При всей любви Джейн к изобразительному искусству, в моём доме она сдержалась. Картин тут немного, всего около восьми, точнее, ровно восемь – наивное трио из цветов в прихожей, неизвестные мне импрессионисты в коридоре, а на кухне репродукция Снейдерса – лошадь, покушающаяся на капусту. В моём кабинете висит картина в духе Эдварда Хоппера. Она не вписывается в провинциальный интерьер, но мне нравится. Есть в ней нужная лаконичность и тоска. В кабинете установлена стереосистема, и туда же выходит задняя часть камина – по сути, такой же камин, только поменьше. Рядом с ним стоит модернистское кресло и торшер. Почти во всю стену, от входа в кабинет до окна, – шкаф с книгами, которые принадлежат в основном Джейн и больше не помещаются в её крошечной квартире.

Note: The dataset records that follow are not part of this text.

(* For all integers $x\ge0$ and $r\ge1$ there is a finite undirected graph $H$ with two specified vertices $s,t$ such that the smallest $s$-$t$ separator of $H$ has size $r$ and the union of all important $s$-$t$ separators of excess at most $x$ has size $2^{x+1}r-r$.
   Context: For disjoint $X,Y\subseteq V(H)$, a set $K\subseteq V(H)\setminus(X\cup Y)$ is an $X$-$Y$ separator if $H\setminus K$ has no path from $X$ to $Y$; an $s$-$t$ separator is a $\{s\}$-$\{t\}$ separator. $NR(H,A,B)$ is the set of vertices not reachable from $A$ in $H\setminus B$. For separators, $K_1\prec^*K_2$ means $NR(H,Y,K_1)\subset NR(H,Y,K_2)$ (proper inclusion). A minimal $X$-$Y$ separator $K$ is important if there is no $X$-$Y$ separator $K'$ with $K\prec^*K'$ and $|K|\ge|K'|$. The excess of an important separator $S$ is $|S|-r_0$, where $r_0$ is the size of a smallest important separator. *)

(* Finite undirected simple graphs as symmetric irreflexive relations. *)
From mathcomp Require Import all_boot.
Set Implicit Arguments. Unset Strict Implicit. Unset Printing Implicit Defensive.

Section Sep.
Variables (V : finType) (e : rel V).

Definition del_rel (B : {set V}) : rel V :=
  fun u v => [&& e u v, u \notin B & v \notin B].

Definition has_path_avoiding (X Y K : {set V}) : bool :=
  [exists a in X, exists b in Y,
     [&& a \notin K, b \notin K & connect (del_rel K) a b]].

Definition is_sep (X Y K : {set V}) : bool :=
  [&& [disjoint K & X], [disjoint K & Y] & ~~ has_path_avoiding X Y K].

Definition NR (A B : {set V}) : {set V} :=
  [set v | ~~ [exists a in A, (a \notin B) && connect (del_rel B) a v]].

Definition sep_prec (Y K1 K2 : {set V}) : bool := NR Y K1 \proper NR Y K2.

Definition minimal_sep (X Y K : {set V}) : bool :=
  is_sep X Y K && [forall K' : {set V}, (K' \proper K) ==> ~~ is_sep X Y K'].

Definition important_sep (X Y K : {set V}) : bool :=
  minimal_sep X Y K &&
  [forall K' : {set V}, ~~ [&& is_sep X Y K', sep_prec Y K K' & #|K'| <= #|K|]].
Lemma avoid_sym G : symmetric G -> symmetric (avoid G).
Proof. by move=> symG x y; rewrite /avoid /= symG andbAC. Qed.

Lemma path_avoid G x p :
  x \notin S -> path (avoid G) x p = path G x p && ~~ has (mem S) p.
Proof.
elim: p x => [|y p IH] x xS //=; rewrite {1}/avoid /= xS andbT.
have [yS|yS] := boolP (y \in S); first by rewrite !andbF.
by rewrite /= andbT IH // andbA.
Qed.

Lemma can_add_connect_avoid G u v :
  symmetric G -> can_add lam H k G u v -> u \notin S -> v \notin S ->
  connect (avoid G) u v.
Proof.
move=> symG [_ _ _ _ lamW] uS vS.
have /subsetPn[w /setIP[]] : ~~ (nbh G u :&: nbh G v \subset S).
  apply/negP => sWS; have := le_trans (lam_mono sWS sSH) lamS.
  by rewrite leNgt lamW.
rewrite !inE => uw vw wS.
apply: (@connect_trans _ _ w); apply: connect1; rewrite /avoid /= ?uw ?uS ?wS //.
by rewrite symG vw vS.
Qed.

Lemma closure_connect_avoid G x y :
  closure_seq lam H k G -> connect (avoid G) x y -> connect (avoid (gaifman H)) x y.
Proof.
move=> closG; elim: closG x y => [//|G1 u v closG1 IH addG1] x y cxy.
have symG1 := closure_sym closG1.
apply: IH; apply: connect_sub cxy => {}x {}y /andP[/andP[Gxy xS] yS].
case/orP: Gxy => [/orP[G1xy|/andP[/eqP ex /eqP ey]]|/andP[/eqP ex /eqP ey]]; subst.
- by apply: connect1; rewrite /avoid /= G1xy xS yS.
- exact: can_add_connect_avoid.
rewrite (sym_connect_sym (avoid_sym symG1)).
exact: can_add_connect_avoid.
Qed.

Lemma closure_separator G A B :
  closure_seq lam H k G -> separator (gaifman H) A B S -> separator G A B S.
Proof.
move=> closG [sABS sepS]; split=> // a p aA pG lB; apply: contraT => naS.
have [aS pS] : a \notin S /\ ~~ has (mem S) p by move: naS; rewrite /= negb_or => /andP.
have lS : last a p \notin S.
  by apply: contra naS => lS; apply/hasP; exists (last a p); rewrite ?mem_last.
have /connectP[q] : connect (avoid (gaifman H)) a (last a p).
  by apply: closure_connect_avoid closG _; apply/connectP; exists p; rewrite ?path_avoid ?pG.
rewrite path_avoid // => /andP[qG qS] lq.
by have := sepS a q aA qG; rewrite -lq => /(_ lB); rewrite /= (negbTE aS) (negbTE qS).
Qed.

End Separator.

Section TreeDecomposition.

Variables (n : nat) (tr : rel 'I_n) (bag : 'I_n -> {set T}).
Hypotheses (tdH : tree_decomposition H tr bag) (lam_bag : forall t, lam H (bag t) <= k%:~R).

Definition occ (v : T) := [set t | v \in bag t].

Definition covered (G : rel T) := forall x y, G x y -> occ x :&: occ y != set0.

Lemma occI_neq0 x y : reflect (exists t, (x \in bag t) && (y \in bag t)) (occ x :&: occ y != set0).
Proof.
by apply: (iffP (set0Pn _)) => -[t]; rewrite ?inE => xyt; exists t; rewrite ?inE.
Qed.

Lemma occ_connected v : connected_set tr (occ v).
Proof.
case: tdH => _ [_ [_ [conn_bags _]]] x y; rewrite !inE => xv yv.
have induced_occ : induced tr (occ v) =2 [rel a b | tr a b && (v \in bag a) && (v \in bag b)].
  by move=> a b; rewrite /induced /= !inE.
by rewrite (eq_connect induced_occ) conn_bags.
Qed.

Lemma nodes_tree : [/\ irreflexive tr, symmetric tr & tree_on tr [set: 'I_n]].
Proof.
case: tdH => -[_ [tr_irr [tr_sym [tr_conn tr_arcs]]]] _; split=> //; split.
  by move=> x y _ _; rewrite (@eq_connect _ _ tr) // => a b; rewrite /induced /= !inE !andbT.
rewrite (_ : arcs tr _ = [set a | tr a.1 a.2]) ?tr_arcs ?cardsT ?card_ord //.
by apply/setP => a; rewrite !inE !andbT.
Qed.

Lemma bags_helly (I : finType) (X : I -> {set 'I_n}) :
  (forall i, connected_set tr (X i)) -> (forall i j, X i :&: X j != set0) ->
  exists t, forall i, t \in X i.
Proof.
have [tr_irr tr_sym treeT] := nodes_tree; move=> cX meetX.
have [|t _ tX] := subtree_helly tr_irr tr_sym treeT _ (fun i => subsetT (X i)) cX meetX.
  by case: tdH => -[n_gt0 _] _; apply/set0Pn; exists (Ordinal n_gt0); rewrite inE.
by exists t.
Qed.

Lemma bag_of_pairwise_meeting (W : {set T}) :
  {in W &, forall w w', occ w :&: occ w' != set0} -> exists t, W \subset bag t.
Proof.
move=> meetW.
have [|w w'|t tW] := bags_helly (X := fun w : {w : T | w \in W} => occ (val w)).
- by move=> w; apply: occ_connected.
- exact: meetW (valP w) (valP w').
by exists t; apply/subsetP => w wW; have := tW (exist _ w wW); rewrite inE.
Qed.

Lemma common_neighbours_share_bag u v w w' :
  occ u :&: occ v = set0 ->
  occ u :&: occ w != set0 -> occ v :&: occ w != set0 ->
  occ u :&: occ w' != set0 -> occ v :&: occ w' != set0 ->
  occ w :&: occ w' != set0.
Proof.
move=> uv0 uw vw uw' vw'; have [tr_irr tr_sym treeT] := nodes_tree.
have /set0Pn[t] : occ u :&: occ w :&: (occ v :|: occ w') != set0.
  apply: (subtree_helly3 tr_irr tr_sym treeT (subsetT _) (subsetT _) (subsetT _)) => //.
  - exact: occ_connected.
  - exact: occ_connected.
  - exact: connected_setU (@occ_connected v) (@occ_connected w') vw'.
  - by rewrite setIUr setU_eq0 negb_and uw' orbT.
  by rewrite setIUr setU_eq0 negb_and setIC vw.
rewrite !inE => /andP[/andP[tu tw] /orP[tv|tw']].
  have : t \in occ u :&: occ v by rewrite !inE tu tv.
  by rewrite uv0 inE.
by apply/set0Pn; exists t; rewrite !inE tw tw'.
Qed.

Lemma can_add_covered G u v : covered G -> can_add lam H k G u v -> occ u :&: occ v != set0.
Proof.
move=> covG [_ _ _ _ lamW]; apply/negP => /eqP uv0.
have [t sWt] : exists t, nbh G u :&: nbh G v \subset bag t.
  apply: bag_of_pairwise_meeting => w w'; rewrite !inE => /andP[uw vw] /andP[uw' vw'].
  exact: common_neighbours_share_bag uv0 (covG _ _ uw) (covG _ _ vw) (covG _ _ uw') (covG _ _ vw').
have bag_sub : bag t \subset hv H by case: tdH => _ [].
by have := le_trans (lam_mono sWt bag_sub) (lam_bag t); rewrite leNgt lamW.
Qed.

Lemma closure_covered G : closure_seq lam H k G -> covered G.
Proof.
elim=> [x y|G1 u v _ covG1 addG1 x y].
  by case: tdH => _ [_ [_ [_ edge_bag]]] /edge_bag /occI_neq0.
case/orP=> [/orP[/covG1 //|/andP[/eqP-> /eqP->]]|/andP[/eqP-> /eqP->]].
  exact: can_add_covered covG1 addG1.
by rewrite setIC; apply: can_add_covered covG1 addG1.
Qed.

Lemma clique_in_bag G C : covered G -> is_clique H G C -> exists t, C \subset bag t.
Proof.
move=> covG [sCH cliqueC]; apply: bag_of_pairwise_meeting => c c' cC c'C.
have [<-|cc'] := eqVneq c c'; last exact/covG/cliqueC.
have [t ct] : exists t, c \in bag t by case: tdH => _ [_ [cover _]]; apply/cover/(subsetP sCH).
by rewrite setIid; apply/set0Pn; exists t; rewrite inE.
Qed.

Lemma closure_clique_le G C :
  closure_seq lam H k G -> is_clique H G C -> lam H C <= k%:~R.
Proof.
move=> /closure_covered covG /(clique_in_bag covG)[t sCt].
have [_ [bag_sub _]] := tdH.
exact: le_trans (lam_mono sCt (bag_sub t)) (lam_bag t).
Qed.

End TreeDecomposition.

End Closure.

Unset Implicit Arguments.

Theorem mainTheorem18 (T : finType) (R : realFieldType) (lam : width_measure T R)
    (k : int) (H : hypergraph T) :
  well_behaved lam -> wf_hg H -> lam_tw_le lam H k ->
  forall G : rel T, is_closure lam H k G ->
  (forall C : {set T}, is_clique H G C -> lam H C <= k%:~R) /\
  (forall A B S : {set T}, A \subset hv H -> B \subset hv H -> S \subset hv H ->
     separator (gaifman H) A B S -> lam H S <= k%:~R -> separator G A B S).
Proof.
move=> wbl wfH [n [tr [bag [tdH lam_bag]]]] G [closG _].
have lam_mono := well_behaved_mono wbl wfH.
split=> [C | A B S _ _ sSH sepS lamS].
  exact: (closure_clique_le lam_mono tdH lam_bag closG).
exact: (closure_separator lam_mono sSH lamS closG sepS).
Qed.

На второй этаж из прихожей ведёт винтовая лестница с узкими дубовыми ступенями. По ней мы поднимаемся только в ванную, поэтому теснота лестницы нас не сильно тревожит. Под этой лестницей есть ещё одна – в подвал. Там находятся бойлерная и импровизированный винный погреб, в котором пока что стоят одни ящики с пивом. Вино в этом доме выпивают сразу, как только видят.

Дуб, который мешал Джейн сфотографировать меня, растёт у самого входа. Он заставил меня переехать из спальни на втором этаже в гостевую на первом: ночью по крыше барабанят жёлуди. Причём дробь эта слышна круглый год, будто крыша уже сама по себе запомнила этот звук, привыкла к нему и записала, словно на плёнку.

Кое-где по периметру двора мы посадили вязы, привезли их из питомника. От прежних жильцов остались кусты роз – настолько старые, что существуют уже сами по себе, – а также заросшие клумбы неясных очертаний и содержания.

От дороги нас отделяет небольшой хлипкий забор и поредевшая живая изгородь, которая служит скорее для поддержания этого забора. Машину ставлю во дворе, но, наверное, стоит смастерить навес, как у соседей: с ёлок постоянно падает жёлтая липкая пыльца.

Из окна кухни видны четыре свежие грядки. Джейн решила, что иметь землю, пусть даже такой небольшой участок, и совсем ничего не выращивать – хамство. Пока на грядках ничего нет, кроме пары торчащих палок.

К слову, Джейн, женщина, которая всё это придумала и вместе со мной создавала, в конце концов сообщила, что жить тут не собирается. Сделала она всё это для того, чтобы иметь, как она выразилась, возможность приезжать сюда в отпуск и не превращать пребывание здесь в повседневность. Жить она будет, как и прежде, в своей маленькой квартирке в Шпангене, в районе с иностранцами и иммигрантами, а мой дом для неё – склад книг, одежды и временное пристанище. Последнее я, конечно, додумал сам.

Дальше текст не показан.